Recorded data
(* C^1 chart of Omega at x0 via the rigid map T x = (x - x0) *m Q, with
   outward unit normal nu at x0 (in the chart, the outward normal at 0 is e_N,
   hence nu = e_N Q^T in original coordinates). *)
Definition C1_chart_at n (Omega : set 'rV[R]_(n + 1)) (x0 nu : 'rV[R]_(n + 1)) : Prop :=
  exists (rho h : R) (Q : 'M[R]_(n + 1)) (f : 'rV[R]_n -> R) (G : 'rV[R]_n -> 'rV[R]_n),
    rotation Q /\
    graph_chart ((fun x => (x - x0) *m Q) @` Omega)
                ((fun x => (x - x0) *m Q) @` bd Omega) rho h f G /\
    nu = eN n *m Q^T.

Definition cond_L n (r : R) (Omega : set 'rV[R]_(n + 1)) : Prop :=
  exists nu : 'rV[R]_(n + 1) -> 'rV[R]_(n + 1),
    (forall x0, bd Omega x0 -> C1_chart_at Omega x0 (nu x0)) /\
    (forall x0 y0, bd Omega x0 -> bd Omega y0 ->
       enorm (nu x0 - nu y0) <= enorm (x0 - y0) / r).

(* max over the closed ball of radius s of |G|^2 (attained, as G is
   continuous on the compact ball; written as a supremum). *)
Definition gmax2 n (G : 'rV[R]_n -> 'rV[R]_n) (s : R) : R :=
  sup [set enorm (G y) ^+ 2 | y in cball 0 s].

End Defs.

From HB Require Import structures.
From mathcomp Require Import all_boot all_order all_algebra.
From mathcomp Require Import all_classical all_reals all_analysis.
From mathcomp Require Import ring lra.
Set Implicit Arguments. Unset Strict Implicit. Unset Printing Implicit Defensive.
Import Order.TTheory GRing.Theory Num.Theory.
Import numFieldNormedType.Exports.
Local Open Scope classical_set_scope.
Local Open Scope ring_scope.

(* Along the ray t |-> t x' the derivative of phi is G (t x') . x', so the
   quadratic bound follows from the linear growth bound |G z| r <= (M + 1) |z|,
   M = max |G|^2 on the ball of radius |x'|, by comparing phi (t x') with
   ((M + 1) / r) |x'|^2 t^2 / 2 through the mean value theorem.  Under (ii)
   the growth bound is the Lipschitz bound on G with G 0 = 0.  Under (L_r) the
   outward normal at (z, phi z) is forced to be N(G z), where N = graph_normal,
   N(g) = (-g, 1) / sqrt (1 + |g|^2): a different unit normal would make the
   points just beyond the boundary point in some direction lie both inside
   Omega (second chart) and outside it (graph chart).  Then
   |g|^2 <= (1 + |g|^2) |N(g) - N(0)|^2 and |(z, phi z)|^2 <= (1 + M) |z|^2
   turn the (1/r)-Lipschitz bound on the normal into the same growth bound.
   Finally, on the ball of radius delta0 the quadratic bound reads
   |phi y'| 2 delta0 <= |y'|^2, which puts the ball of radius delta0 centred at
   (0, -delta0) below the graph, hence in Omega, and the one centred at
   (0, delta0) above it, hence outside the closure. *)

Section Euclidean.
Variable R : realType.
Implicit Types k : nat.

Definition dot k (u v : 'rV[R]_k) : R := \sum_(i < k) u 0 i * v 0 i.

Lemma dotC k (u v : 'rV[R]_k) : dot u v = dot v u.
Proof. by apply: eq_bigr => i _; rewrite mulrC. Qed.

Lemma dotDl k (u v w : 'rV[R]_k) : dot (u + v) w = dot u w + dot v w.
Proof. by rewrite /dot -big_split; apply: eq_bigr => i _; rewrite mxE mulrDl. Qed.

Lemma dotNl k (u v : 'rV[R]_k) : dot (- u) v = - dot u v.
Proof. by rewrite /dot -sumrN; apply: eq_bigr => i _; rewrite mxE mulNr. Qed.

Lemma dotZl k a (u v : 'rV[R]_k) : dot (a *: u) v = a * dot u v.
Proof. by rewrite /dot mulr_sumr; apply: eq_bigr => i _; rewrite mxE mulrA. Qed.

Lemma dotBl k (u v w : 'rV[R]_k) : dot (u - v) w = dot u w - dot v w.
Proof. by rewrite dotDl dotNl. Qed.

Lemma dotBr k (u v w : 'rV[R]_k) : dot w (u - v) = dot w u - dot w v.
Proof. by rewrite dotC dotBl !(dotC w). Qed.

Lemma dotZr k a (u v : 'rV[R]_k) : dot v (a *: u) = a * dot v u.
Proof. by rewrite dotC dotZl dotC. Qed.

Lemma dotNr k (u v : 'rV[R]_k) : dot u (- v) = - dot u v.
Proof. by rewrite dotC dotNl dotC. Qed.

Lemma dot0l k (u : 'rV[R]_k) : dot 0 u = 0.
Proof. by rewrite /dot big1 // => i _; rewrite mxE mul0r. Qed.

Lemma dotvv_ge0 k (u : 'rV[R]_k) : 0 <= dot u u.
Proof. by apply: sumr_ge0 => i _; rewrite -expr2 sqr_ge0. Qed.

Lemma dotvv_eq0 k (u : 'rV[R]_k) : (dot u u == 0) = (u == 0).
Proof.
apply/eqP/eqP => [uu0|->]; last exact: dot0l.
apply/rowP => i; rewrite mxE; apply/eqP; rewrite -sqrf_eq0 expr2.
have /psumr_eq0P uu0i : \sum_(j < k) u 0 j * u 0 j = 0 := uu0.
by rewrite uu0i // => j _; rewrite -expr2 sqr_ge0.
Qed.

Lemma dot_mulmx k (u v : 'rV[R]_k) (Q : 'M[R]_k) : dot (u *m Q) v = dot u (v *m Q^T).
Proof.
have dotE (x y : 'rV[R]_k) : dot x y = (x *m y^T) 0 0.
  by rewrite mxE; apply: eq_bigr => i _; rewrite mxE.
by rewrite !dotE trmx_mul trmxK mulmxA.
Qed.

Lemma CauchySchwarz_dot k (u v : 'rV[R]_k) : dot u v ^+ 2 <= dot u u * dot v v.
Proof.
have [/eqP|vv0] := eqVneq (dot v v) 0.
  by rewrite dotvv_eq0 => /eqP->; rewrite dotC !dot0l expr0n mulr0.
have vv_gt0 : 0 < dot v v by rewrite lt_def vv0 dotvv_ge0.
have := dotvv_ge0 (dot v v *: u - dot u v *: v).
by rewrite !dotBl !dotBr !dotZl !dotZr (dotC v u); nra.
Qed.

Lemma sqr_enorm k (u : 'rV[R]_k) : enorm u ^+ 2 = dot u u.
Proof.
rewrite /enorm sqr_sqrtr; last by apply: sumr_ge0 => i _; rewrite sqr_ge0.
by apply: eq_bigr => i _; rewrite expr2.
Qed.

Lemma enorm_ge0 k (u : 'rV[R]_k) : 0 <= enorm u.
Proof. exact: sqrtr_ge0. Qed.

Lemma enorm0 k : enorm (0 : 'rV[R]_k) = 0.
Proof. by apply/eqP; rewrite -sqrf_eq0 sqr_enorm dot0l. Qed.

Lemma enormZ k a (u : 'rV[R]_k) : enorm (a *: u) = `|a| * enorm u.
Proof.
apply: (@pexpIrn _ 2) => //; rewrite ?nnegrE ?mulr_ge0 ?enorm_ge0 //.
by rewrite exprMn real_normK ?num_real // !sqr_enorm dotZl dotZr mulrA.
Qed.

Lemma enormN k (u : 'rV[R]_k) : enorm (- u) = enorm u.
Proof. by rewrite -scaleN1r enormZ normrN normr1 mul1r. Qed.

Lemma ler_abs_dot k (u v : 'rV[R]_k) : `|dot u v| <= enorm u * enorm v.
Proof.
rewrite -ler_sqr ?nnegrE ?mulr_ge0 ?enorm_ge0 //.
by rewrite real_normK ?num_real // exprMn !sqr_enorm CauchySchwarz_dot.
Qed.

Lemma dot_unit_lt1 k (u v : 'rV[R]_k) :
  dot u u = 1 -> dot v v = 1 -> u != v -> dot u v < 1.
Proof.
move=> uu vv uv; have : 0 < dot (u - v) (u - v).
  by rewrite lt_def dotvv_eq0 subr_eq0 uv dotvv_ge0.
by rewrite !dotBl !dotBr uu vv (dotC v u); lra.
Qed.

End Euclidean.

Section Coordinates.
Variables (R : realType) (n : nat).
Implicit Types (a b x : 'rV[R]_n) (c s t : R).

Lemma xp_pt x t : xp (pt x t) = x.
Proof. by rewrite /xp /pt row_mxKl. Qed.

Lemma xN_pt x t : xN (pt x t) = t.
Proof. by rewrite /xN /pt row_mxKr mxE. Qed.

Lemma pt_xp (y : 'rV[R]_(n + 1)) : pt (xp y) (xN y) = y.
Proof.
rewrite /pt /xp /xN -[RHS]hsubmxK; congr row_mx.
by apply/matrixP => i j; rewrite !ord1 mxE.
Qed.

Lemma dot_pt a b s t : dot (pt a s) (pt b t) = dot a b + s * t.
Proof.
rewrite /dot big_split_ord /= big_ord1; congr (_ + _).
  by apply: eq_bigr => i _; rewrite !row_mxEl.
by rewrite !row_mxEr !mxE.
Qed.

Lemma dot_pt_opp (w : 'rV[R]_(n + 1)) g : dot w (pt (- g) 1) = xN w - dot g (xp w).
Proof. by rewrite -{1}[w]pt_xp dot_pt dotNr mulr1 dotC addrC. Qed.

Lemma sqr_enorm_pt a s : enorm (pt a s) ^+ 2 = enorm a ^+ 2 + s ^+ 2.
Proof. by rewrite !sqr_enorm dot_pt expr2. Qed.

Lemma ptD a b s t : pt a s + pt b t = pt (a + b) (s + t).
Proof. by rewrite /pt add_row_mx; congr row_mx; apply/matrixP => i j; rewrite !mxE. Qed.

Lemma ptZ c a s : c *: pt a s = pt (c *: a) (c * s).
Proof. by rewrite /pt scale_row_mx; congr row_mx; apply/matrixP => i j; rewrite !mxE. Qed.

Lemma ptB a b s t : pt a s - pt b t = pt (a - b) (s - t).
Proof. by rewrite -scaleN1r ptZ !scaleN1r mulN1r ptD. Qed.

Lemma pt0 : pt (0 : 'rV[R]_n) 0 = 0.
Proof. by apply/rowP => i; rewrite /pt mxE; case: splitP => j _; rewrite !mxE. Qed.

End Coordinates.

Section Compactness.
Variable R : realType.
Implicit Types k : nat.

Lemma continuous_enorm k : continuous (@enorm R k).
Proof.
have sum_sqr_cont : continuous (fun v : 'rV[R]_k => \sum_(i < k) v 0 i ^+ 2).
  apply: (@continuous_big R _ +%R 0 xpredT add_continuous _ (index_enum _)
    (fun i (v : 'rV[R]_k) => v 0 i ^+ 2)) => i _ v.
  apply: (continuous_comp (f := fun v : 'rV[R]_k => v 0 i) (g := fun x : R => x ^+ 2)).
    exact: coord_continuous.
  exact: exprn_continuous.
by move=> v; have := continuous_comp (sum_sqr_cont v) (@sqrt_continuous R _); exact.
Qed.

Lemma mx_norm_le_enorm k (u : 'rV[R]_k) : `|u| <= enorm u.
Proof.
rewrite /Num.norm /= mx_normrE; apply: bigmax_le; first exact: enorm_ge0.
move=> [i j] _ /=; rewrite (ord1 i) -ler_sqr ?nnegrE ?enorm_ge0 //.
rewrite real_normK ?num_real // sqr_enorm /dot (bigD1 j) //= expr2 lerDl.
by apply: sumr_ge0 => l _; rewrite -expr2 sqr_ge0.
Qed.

> **YOUR OBJECTIVE**:
Where in the entries does the word "dotZr" occur? Copy out each line that has it.

> **TASK RESULT**:
Lemma dotZr k a (u v : 'rV[R]_k) : dot v (a *: u) = a * dot v u.
by rewrite !dotBl !dotBr !dotZl !dotZr (dotC v u); nra.
by rewrite exprMn real_normK ?num_real // !sqr_enorm dotZl dotZr mulrA.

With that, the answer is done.